1st Place:  Sarah Mian
Halifax, Nova Scotia, CANADA
Congratulations Sarah!

Sarah’s Bio:

Sarah Mian has been a writing junkie since childhood. To support her habit she has worked, among other jobs, as a film extra, waitress, substitute teacher, and currently as an exhibit custodian who ships and receives evidence in a crime lab. She has been published in numerous journals and anthologies, including The Vagrant Revue of New Fiction and The New Quarterly. Her co-written play, 'Creatures of the Moment' was produced by Metamorphic Theatre.

Sarah has written her way across Canada, living on Vancouver Island in the west, Toronto in the middle and Newfoundland in the east. She also spent nine months abroad to see how the other half lives before returning home to Nova Scotia where the waves break on all sides and everyone says 'thank you'. She lives with her boyfriend, Leo, who can't sing but is a damn fine kisser.

English as a Second Language

ichi

In Japan I wore satin shoes with paper-thin soles, slept in the afternoon behind still curtains. I forgot I had a talented sister, a dog, an ugly middle name. I couldn't recall addresses so I deposited blank postcards in the mail. I wrote notes to my parents on my wrist and washed them down the sink. Evenings I spent perched like a centrepiece amongst scantily-clad dishes, drank sake until bright dragons flew around the rooms. The men's faces smeared to a blurry streak: all except one.

ni

The flight home: hours of punctuated regret, stabbing the seat with my nails and frequent, bloody trips to the toilet. As the plane descended, I saw my reflection in the cool metal clasp of my seatbelt at the same moment I glimpsed it in the window pane. Bad omen, my lover would say. If he was next to me.

san

Remember (a voice whispers) sakura, heibi, the postman on his bicycle, the fireworks? Remember (it urges) his smooth hands on your thighs, the cars whining past the blinds, headlights swinging through the crack, your love unraveling like a bolt of red silk. You cast of your petals like dance. (Sobbing) You turned round and ripe.

When I awake, the wind is breathing hard on the grass and cups rattle vacantly in the white kitchen.

shi

There is a wilting cherry tree in the yard outside.
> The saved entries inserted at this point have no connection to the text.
(* Let $R$ be a topological ring and $M$ a locally compact left topological $R$-module which is of Lie type. Then $M$ has the no small submodules property.
   Context: All topological groups are Hausdorff; rings are unital. $R_R$ denotes $R$ as a right topological module over itself; its Pontryagin dual $\widehat{R_R}$ (continuous homomorphisms $R\to\mathbb{S}^1$, compact-open topology) is a left $R$-module via $(r\chi)(x)=\chi(xr)$. Two topological $R$-modules $M,M'$ are locally isomorphic if there are open neighbourhoods $U\subset M$, $V\subset M'$ of $0$ and a homeomorphism $f:U\to V$ such that $f(x+y)=f(x)+f(y)$ whenever $x,y,x+y\in U$, $f(-x)=-f(x)$ whenever $x,-x\in U$, and $f(rx)=rf(x)$ whenever $x\in U$, $r\in R$, $rx\in U$. $M$ is of Lie type if it is locally isomorphic to $\widehat{R_R}^n$ for some $n\ge 0$. $M$ has the no small submodules property if some neighbourhood of $0$ contains no nonzero submodule. *)

From HB Require Import structures.
From mathcomp Require Import all_boot all_order all_algebra.
From mathcomp Require Import all_classical reals topology.
From mathcomp Require Import Rstruct Rstruct_topology.
Set Implicit Arguments. Unset Strict Implicit. Unset Printing Implicit Defensive.
Import Order.TTheory GRing.Theory Num.Theory.
Local Open Scope classical_set_scope.
Local Open Scope ring_scope.

HB.structure Definition TopNmod_join := {M of Topological M & GRing.Nmodule M}.
HB.structure Definition TopZmod_join := {M of Topological M & GRing.Zmodule M}.

HB.mixin Record Top_isTopRing R & Topological R & GRing.PzRing R := {
  ring_add_continuous : continuous (fun x : R * R => x.1 + x.2) ;
  ring_opp_continuous : continuous (fun x : R => - x) ;
  mul_continuous : continuous (fun x : R * R => x.1 * x.2) }.

#[short(type="topRingType")]
HB.structure Definition TopRing :=
  {R of Topological R & GRing.PzRing R & Top_isTopRing R}.

HB.mixin Record Top_isTopLmod (R : topRingType) M
    & Topological M & GRing.Lmodule R M := {
  mod_add_continuous : continuous (fun x : M * M => x.1 + x.2) ;
  mod_opp_continuous : continuous (fun x : M => - x) ;
  scale_continuous : continuous (fun x : R * M => x.1 *: x.2) }.

#[short(type="topLmodType")]
HB.structure Definition TopLmod (R : topRingType) :=
  {M of Topological M & GRing.Lmodule R M & Top_isTopLmod R M}.

(** The circle group S^1, realised as the unit circle in R^2 = C
    (with the usual product topology), with complex multiplication. *)
Definition C2 : Type := (Rdefinitions.R * Rdefinitions.R)%type.
Definition on_circle (z : C2) : Prop := z.1 ^+ 2 + z.2 ^+ 2 = 1.
Definition cmul (z w : C2) : C2 := (z.1 * w.1 - z.2 * w.2, z.1 * w.2 + z.2 * w.1).
Definition cconj (z : C2) : C2 := (z.1, - z.2).
Definition cone : C2 := (1, 0).

Definition is_character (R : topRingType) (chi : R -> C2) : Prop :=
  [/\ continuous chi, (forall x, on_circle (chi x))
    & (forall x y, chi (x + y) = cmul (chi x) (chi y))].

Definition dualpow (R : topRingType) (n : nat) : topologicalType :=
  {ptws 'I_n -> {compact-open, R -> C2}}.

(** The underlying set of (widehat{R_R})^n (with subspace topology). *)
Definition dual_set (R : topRingType) (n : nat) : set (dualpow R n) :=
  [set X | forall i, is_character (X i : R -> C2)].

Definition dzero (R : topRingType) (n : nat) : dualpow R n := fun _ _ => cone.
Definition dadd (R : topRingType) (n : nat) (X Y : dualpow R n) : dualpow R n :=
  fun i x => cmul ((X i : R -> C2) x) ((Y i : R -> C2) x).
Definition dopp (R : topRingType) (n : nat) (X : dualpow R n) : dualpow R n :=
  fun i x => cconj ((X i : R -> C2) x).
Definition dscale (R : topRingType) (n : nat) (r : R) (X : dualpow R n) : dualpow R n :=
  fun i x => (X i : R -> C2) (x * r).

Definition locally_iso_dualpow (R : topRingType) (M : topLmodType R) (n : nat) : Prop :=
  exists (U : set M) (V : set (dualpow R n)) (f : M -> dualpow R n)
         (g : dualpow R n -> M),
  [/\
      (open U /\ U 0),
      ((exists W : set (dualpow R n), open W /\ V = W `&` @dual_set R n) /\ V (@dzero R n)),
      [/\ (forall x, U x -> V (f x)), (forall y, V y -> U (g y)),
          (forall x, U x -> g (f x) = x), (forall y, V y -> f (g y) = y)
        & ({within U, continuous f} /\ {within V, continuous g})],
      ((forall x y, U x -> U y -> U (x + y) -> f (x + y) = dadd (f x) (f y)) /\
       (forall x, U x -> U (- x) -> f (- x) = dopp (f x)))
    &
      (forall (r : R) x, U x -> U (r *: x) -> f (r *: x) = dscale r (f x))].

Definition lie_type (R : topRingType) (M : topLmodType R) : Prop :=
  exists n : nat, locally_iso_dualpow M n.

Definition is_submodule (R : topRingType) (M : topLmodType R) (S : set M) : Prop :=
  [/\ S 0, (forall x y, S x -> S y -> S (x + y))
    & (forall (r : R) x, S x -> S (r *: x))].

Definition no_small_submodules (R : topRingType) (M : topLmodType R) : Prop :=
  exists N : set M, nbhs (0 : M) N /\
    forall S : set M, is_submodule S -> S `<=` N -> S = [set 0].

From HB Require Import structures.
From mathcomp Require Import all_boot all_order all_algebra.
From mathcomp Require Import all_classical reals topology.
From mathcomp Require Import normedtype Rstruct Rstruct_topology.
From mathcomp Require Import ring lra.
Set Implicit Arguments. Unset Strict Implicit. Unset Printing Implicit Defensive.
Import Order.TTheory GRing.Theory Num.Theory.
Local Open Scope classical_set_scope.
Local Open Scope ring_scope.

(* A character of (R, +) all of whose values lie in the open right half of
   S^1 is trivial: on the circle, squaring at least doubles the defect
   1 - Re z of a point z with Re z >= 0, so if chi r had a positive defect,
   the defects of chi (r *+ 2 ^ k) would grow beyond 1, forcing a value
   with Re <= 0.  Now let f be a local isomorphism from M onto the dual
   module, and take the neighbourhood N of 0 on which every component of f
   takes a value with positive real part at 1.  A submodule S inside N
   contains r x for x in S, and (f (r x))_i 1 = (f x)_i r, so every
   component of f x is a character with values in the right half-plane,
   i.e. trivial; hence f x = 0 = f 0 and x = 0. *)

Lemma bounded_doubling_eq0 (K : archiRealFieldType) (d : K) :
  0 <= d -> (forall k, d *+ 2 ^ k <= 1) -> d = 0.
Proof.
move=> d_ge0 d_bounded; apply/eqP; rewrite eq_le d_ge0 andbT leNgt.
apply/negP => d_gt0.
have [m lt_dV_m] : exists m : nat, d^-1 < m%:R.
  by exists (Num.Def.archi_bound d^-1); rewrite archi_boundP // invr_ge0.
have lt_m_2m : m%:R < (2 ^ m)%:R :> K by rewrite ltr_nat ltn_expl.
have := d_bounded m; rewrite -mulr_natr; apply/negP; rewrite -ltNge.
rewrite -[d^-1]mul1r ltr_pdivrMr // in lt_dV_m.
by rewrite mulrC (lt_trans lt_dV_m) // ltr_pM2r.
Qed.

Lemma circle_fst_le1 {z : C2} : on_circle z -> z.1 <= 1.
Proof. by case: z => a b; rewrite /on_circle /= => circ_ab; nra. Qed.

Lemma circle_fst_eq1 {z : C2} : on_circle z -> z.1 = 1 -> z = cone.
Proof.
case: z => a b; rewrite /on_circle /cone /= => circ_ab a1; subst a.
have : b ^+ 2 = 0 by lra.
by move/eqP; rewrite sqrf_eq0 => /eqP ->.
Qed.

Lemma circle_cmul_idem {z : C2} : on_circle z -> cmul z z = z -> z = cone.
Proof.
case: z => a b; rewrite /on_circle /cmul /cone /= => circ_ab [re_idem im_idem].
have b0 : b = 0 by nra.
have a1 : a = 1 by subst b; nra.
by rewrite a1 b0.
Qed.

Lemma circle_defect_sqr {z : C2} : on_circle z -> 0 <= z.1 ->
  (1 - z.1) *+ 2 <= 1 - (cmul z z).1.
Proof. by case: z => a b; rewrite /on_circle /cmul /= => circ_ab a_ge0; nra. Qed.

Section Characters.
Variables (R : topRingType) (chi : R -> C2).
Hypothesis chi_char : is_character chi.

Lemma character0 : chi 0 = cone.
Proof.
case: chi_char => _ circ add.
by apply: circle_cmul_idem => //; rewrite -add addr0.
Qed.

Lemma character_defect_muln2 (r : R) (k : nat) :
  (forall s, 0 <= (chi s).1) ->
  (1 - (chi r).1) *+ 2 ^ k <= 1 - (chi (r *+ 2 ^ k)).1.
Proof.
case: chi_char => _ circ add re_ge0; elim: k => [|k IHk]; first by rewrite expn0.
rewrite expnS mul2n -addnn !mulrnDr add.
apply: le_trans (circle_defect_sqr (circ (r *+ 2 ^ k)) (re_ge0 _)).
by rewrite mulr2n lerD.
Qed.

Lemma character_right_half_plane (r : R) :
  (forall s, 0 < (chi s).1) -> chi r = cone.
Proof.
case: chi_char => _ circ _ re_gt0.
apply: circle_fst_eq1 => //; apply/eqP; rewrite eq_sym -subr_eq0; apply/eqP.
apply: bounded_doubling_eq0 => [|k].
  by rewrite subr_ge0; exact: circle_fst_le1 (circ r).
apply: le_trans (character_defect_muln2 r k (fun s => ltW (re_gt0 s))) _.
by have := re_gt0 (r *+ 2 ^ k); lra.
Qed.

End Characters.

Lemma open_fst_gt0 : open [set z : C2 | 0 < z.1].
Proof.
have fst_cont : continuous (@fst Rdefinitions.R Rdefinitions.R).
  by move=> z; exact: cvg_fst.
exact: (proj1 (continuousP _) fst_cont) _ (@open_gt _ 0).
Qed.

Definition dual_fst_gt0_at1 (R : topRingType) (n : nat) : set (dualpow R n) :=
  [set X | forall i, 0 < ((X i : R -> C2) 1).1].

Lemma nbhs_dzero_fst_gt0_at1 (R : topRingType) (n : nat) :
  nbhs (@dzero R n) (@dual_fst_gt0_at1 R n).
Proof.
apply: (@filter_forall _ 'I_n (fun i (X : dualpow R n) => 0 < ((X i : R -> C2) 1).1)
  (nbhs (@dzero R n)) _) => i.
pose Q := [set h : {compact-open, R -> C2} | h @` [set 1] `<=` [set z | 0 < z.1]].
have nbhs_Q : nbhs (@dzero R n i) Q.
  apply: open_nbhs_nbhs; split.
    exact: compact_open_open (@compact_set1 _ _) open_fst_gt0.
  by move=> _ [x -> <-]; rewrite /dzero /cone /=; lra.
have nbhs_projQ : nbhs (@dzero R n) (proj i @^-1` Q) := proj_continuous nbhs_Q.
by apply: filterS nbhs_projQ => X Q_X; apply: Q_X; exists 1.
Qed.

Section LocallyIsoDualpow.
Variables (R : topRingType) (M : topLmodType R) (n : nat).
Variables (U : set M) (f : M -> dualpow R n) (g : dualpow R n -> M).
Hypotheses (U_open : open U) (U0 : U 0).
Hypotheses (f_dual : forall x, U x -> @dual_set R n (f x)).
Hypothesis fK : forall x, U x -> g (f x) = x.
Hypothesis f_cont : {within U, continuous f}.
Hypothesis fZ : forall (r : R) x, U x -> U (r *: x) -> f (r *: x) = dscale r (f x).

Lemma locally_iso_f0 : f 0 = @dzero R n.
Proof.
have f0_char i : is_character (f 0 i : R -> C2) := f_dual U0 i.
have := @fZ 0 0 U0; rewrite scale0r => /(_ U0) ->.
apply/funext => i; apply/funext => x.
by rewrite /dscale mulr0 (character0 (f0_char i)).
Qed.

Lemma nbhs0_locally_iso_preimage :
  nbhs (0 : M) (U `&` f @^-1` @dual_fst_gt0_at1 R n).
Proof.
apply: filterI; first exact: open_nbhs_nbhs.
have f_cont0 : {for 0, continuous f}.
  by move: f_cont; rewrite continuous_open_subspace // => /(_ 0 (mem_set U0)).
by apply: f_cont0; rewrite locally_iso_f0; exact: nbhs_dzero_fst_gt0_at1.
Qed.

Lemma locally_iso_no_small_submodules : no_small_submodules M.
Proof.
exists (U `&` f @^-1` @dual_fst_gt0_at1 R n).
split=> [|S [S0 _ SZ] S_small]; first exact: nbhs0_locally_iso_preimage.
apply/seteqP; split => [x Sx|_ ->] //=.
have Ux : U x := (S_small x Sx).1.
have fx0 : f x = @dzero R n.
  apply/funext => i; apply/funext => r.
  apply: character_right_half_plane; first exact: f_dual Ux i.
  move=> s; have [Usx fsx_gt0] := S_small _ (SZ s x Sx).
  by have := fsx_gt0 i; rewrite fZ // /dscale mul1r.
by rewrite -(fK Ux) fx0 -locally_iso_f0 fK.
Qed.

End LocallyIsoDualpow.

Lemma locally_iso_dualpow_no_small_submodules (R : topRingType)
    (M : topLmodType R) (n : nat) :
  locally_iso_dualpow M n -> no_small_submodules M.
Proof.
move=> [U [V [f [g [[U_open U0] [[W [_ V_def]] _] [fUV _ fK _ [f_cont _]] _ fZ]]]]].
have f_dual x : U x -> @dual_set R n (f x) by rewrite V_def in fUV => /fUV [].
exact: locally_iso_no_small_submodules U_open U0 f_dual fK f_cont fZ.
Qed.

Theorem mainTheorem18 (R : topRingType) (M : topLmodType R) :
  hausdorff_space R -> hausdorff_space M ->
  locally_compact [set: M] -> lie_type M -> no_small_submodules M.
Proof. by move=> _ _ _ [n]; exact: locally_iso_dualpow_no_small_submodules. Qed.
The therapist follows my stare. In Japan, I tell her, the cherry blossom represents the warrior who dies too soon. She writes this down. I have condemned my words to classroom flip-charts, consent forms, scented paper, to drainpipes that empty into a vast ocean. Now this woman wants to imprison the few sentences I have left in a metal cabinet. Every time she slides the drawer open, I hear screaming: our first language.

Outside the office I stand in front of the tree. There is one small hardened fruit left on the naked branch. It is the size of a seven week old embryo. When I touch it, it gently falls into my palm. I open my mouth, swallow, wait to feel it in my belly.

I wonder if my letter is still unopened, sitting in my lover's lap.